最終的には、フジタの言うとおりの位置に工事事務所を建てたが、その後、池との関連をチェックするために、池の輪郭を示す紐を用意したとは言え、実際に水を湛えた池があるわけではない。それを想定しながらのチェック作業はかなり面倒だった。池の予定地周辺には、資材が山積みとなっており、木材の刻みなど大工の仕事場でもあった。実施設計の図面はあるので、池の方から見たり、池の予定地越しにカフェテリアを見たりして、最終のチェックとレイ・アウトを確認していった。
それにしても、完成後、正門と広場の設計は完全に失敗だとある建築家に言われた時は驚いた。せっかくの池が、正門、広場から見えないというのである。彼はどうやら、図面だけでこのような発言をしたらしい。繰り返し確認してきたが、正門、広場のいずれからも、水を湛えた池をはっきり見ることが出来る。池を超えて緑の芝生の斜面の上に望む赤い屋根のカフェテリアは、このキャンパスで最も楽しい景観の一つだろう。
キャンパスは今呼吸を始めた
土手の斜面は石積みだった。膨大な面積の池の斜面に、一つずつ石を積んでいく作業は、年寄の石屋一人が手がけた。毎日黙々と、一つずつ丹念に微調整しながら石を積んでいくのである。時間のかかる、単調で根気のいる仕事だ。冬の寒い時期に、指先の微妙な感触を頼りに、気の長い作業が続いていった。ようやく完成した時には、見ているだけだったが、心からホッとしたのを覚えている。ただ積んであるようい見えるが、そこはプロの仕事、ピッタリ積まれた石はびくともしなかった。

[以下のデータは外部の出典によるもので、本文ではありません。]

Lemma balanced_nbhdI k : k \in K -> exists2 w, w \in I & e w k.
Proof.
move=> kK; apply/exists_inP; apply: contraT => /exists_inPn kI.
have : is_stable e (k |: I).
  apply/forall_inP => x /setU1P[->|xI]; apply/forall_inP => y /setU1P[->|yI];
    apply/implyP => xy.
  - by rewrite eqxx in xy.
  - by rewrite e_sym; apply: kI.
  - exact: kI.
  - exact: split_nonedgeI.
move/stable_card_le_alpha; case/andP: KI_bal => _ /eqP <-.
have kI' : k \notin I by apply: contraL kK; apply: split_notinK.
by rewrite cardsU1 kI' ltnn.
Qed.

Lemma balanced_nbhd_neq u : u \in I -> exists2 w, w \in I & nbhd e w != nbhd e u.
Proof.
move=> uI; have [k kK uk] := balanced_nonnbhdK uI; have [w wI wk] := balanced_nbhdI kK.
exists w => //; apply: contraNneq uk => wuE.
have : k \in nbhd e w by rewrite inE.
by rewrite wuE inE.
Qed.

Lemma balanced_I_nonempty : 0 < #|T| -> exists u, u \in I.
Proof.
case/card_gt0P => t _; have : is_stable e [set t].
  by apply/forall_inP => x /set1P->; apply/forall_inP => y /set1P->; rewrite eqxx.
move/stable_card_le_alpha; case/andP: KI_bal => _ /eqP <-.
by rewrite cards1 => /card_gt0P.
Qed.

Lemma balanced_vdeg_ltK u : u \in I -> vdeg e u < #|K|.
Proof.
move=> uI; have [k kK uk] := balanced_nonnbhdK uI.
apply/proper_card/properP; split; last by exists k; rewrite ?inE.
by apply/subsetP => x; rewrite inE; apply: split_nbhdK.
Qed.

Lemma balanced_vdeg_gt0 u : u \in I -> exists2 w, w \in I & 0 < vdeg e w.
Proof.
move=> uI; have [k kK _] := balanced_nonnbhdK uI; have [w wI wk] := balanced_nbhdI kK.
by exists w => //; apply/card_gt0P; exists k; rewrite inE.
Qed.

End SplitGraph.

Theorem theorem3p2 (T : finType) (e : rel T) (K I : {set T}) :
  symmetric e -> irreflexive e -> 0 < #|T| ->
  split_bipartition e K I -> homogeneous e K I ->
  (* (1) *)
  (forall u v, u \in I -> v \in I -> u != v -> (sigma e u v = 0 <-> twins e u v)) /\
  (* (2) *)
  (forall u v, u \in I -> v \in I -> u != v -> exists k, sigma e u v = k ^ 2) /\
  (* (3) *)
  (1 <= P4deg e /\
   forall d, (forall v, v \in I -> vdeg e v = d) -> d <> 0 /\ d <> #|K|) /\
  (* (4) no induced K2 + K1 in Phi *)
  (forall x y z, x \in I -> y \in I -> z \in I ->
     x != z -> y != z ->
     ~ [/\ phi_adj e I x y, ~~ phi_adj e I x z & ~~ phi_adj e I y z]) /\
  (* (5) diam(Phi) <= 2 *)
  (forall u v, u \in I -> v \in I -> u != v ->
     phi_adj e I u v \/ exists2 w, phi_adj e I u w & phi_adj e I w v) /\
  (* (6) no induced cycle of length >= 5 in Phi *)
  (forall n (c : 'I_n -> T), 5 <= n -> injective c -> (forall i, c i \in I) ->
     ~ (forall i j : 'I_n,
          phi_adj e I (c i) (c j) = (i.+1 %% n == j) || (j.+1 %% n == i))).
Proof.
move=> e_sym e_irr T_gt0 KI /andP[KI_bal /forall_inP hdeg].
have degE u v : u \in I -> v \in I -> vdeg e u = vdeg e v.
  by move=> uI vI; apply/eqP; exact: (forall_inP (hdeg u uI) v vI).
have sigma_pos u v : u \in I -> v \in I -> u != v ->
    (0 < sigma e u v) = (nbhd e u != nbhd e v).
  by move=> uI vI uv; apply: (sigma_gt0 e_sym e_irr KI uI vI uv); apply: degE.
have adjE u v : u \in I -> v \in I -> u != v -> phi_adj e I u v = (nbhd e u != nbhd e v).
  by move=> uI vI uv; rewrite /phi_adj uI vI uv sigma_pos.
have adj_irr : irreflexive (phi_adj e I) by move=> u; rewrite /phi_adj eqxx /= !andbF.
have nbhd_neq := balanced_nbhd_neq e_sym e_irr KI KI_bal.
have [u0 u0I] := balanced_I_nonempty KI_bal T_gt0.
split; [|split; [|split; [split|split; [|split]]]].
- move=> u v uI vI uv; rewrite (twinsE e_irr KI) // -[_ == _]negbK -sigma_pos //.
  by rewrite lt0n negbK; apply: rwP eqP.
- move=> u v uI vI uv; exists #|nbhd e u :\: nbhd e v|.
  by apply: (sigma_square e_sym e_irr KI uI vI uv); apply: degE.
- have [w wI wu0] := nbhd_neq u0 u0I.
  apply: leq_trans (sigma_le_P4deg e w u0); rewrite sigma_pos //.
  by apply: contra_neq wu0 => ->.
- move=> d vdegE; split=> [d0|dK].
    by have [w wI] := balanced_vdeg_gt0 e_sym e_irr KI KI_bal u0I; rewrite vdegE // d0.
  by move: (balanced_vdeg_ltK e_sym e_irr KI KI_bal u0I); rewrite vdegE // dK ltnn.
- exact: multipartite_no_K2K1 adj_irr adjE.
- by move=> u v uI vI; apply: multipartite_diam2 adjE _ _ (nbhd_neq u uI) uI vI.
- exact: multipartite_no_long_induced_cycle adjE.
Qed.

工事の最終段階で注水が始まった。丸二日かけて満々と水を湛えた池がその全貌を現した。カフェテリア前の芝生の斜面から見ると、左手の大講堂から始まり右手の体育館で終わる建物群を水面に映す池は、大講堂の裏側に広がり、このキャンパスの生命の核になっていることを改めて実感できる。この池無しにこのキャンパスはあり得ない。池が、キャンパスに生命、リアリティーをあたえているのだ。
開校前に、生物の教員小島芳男がアヒルを十四羽放し、その日から池での生活が始まった。アレグザンダーに短いメッセージを送った。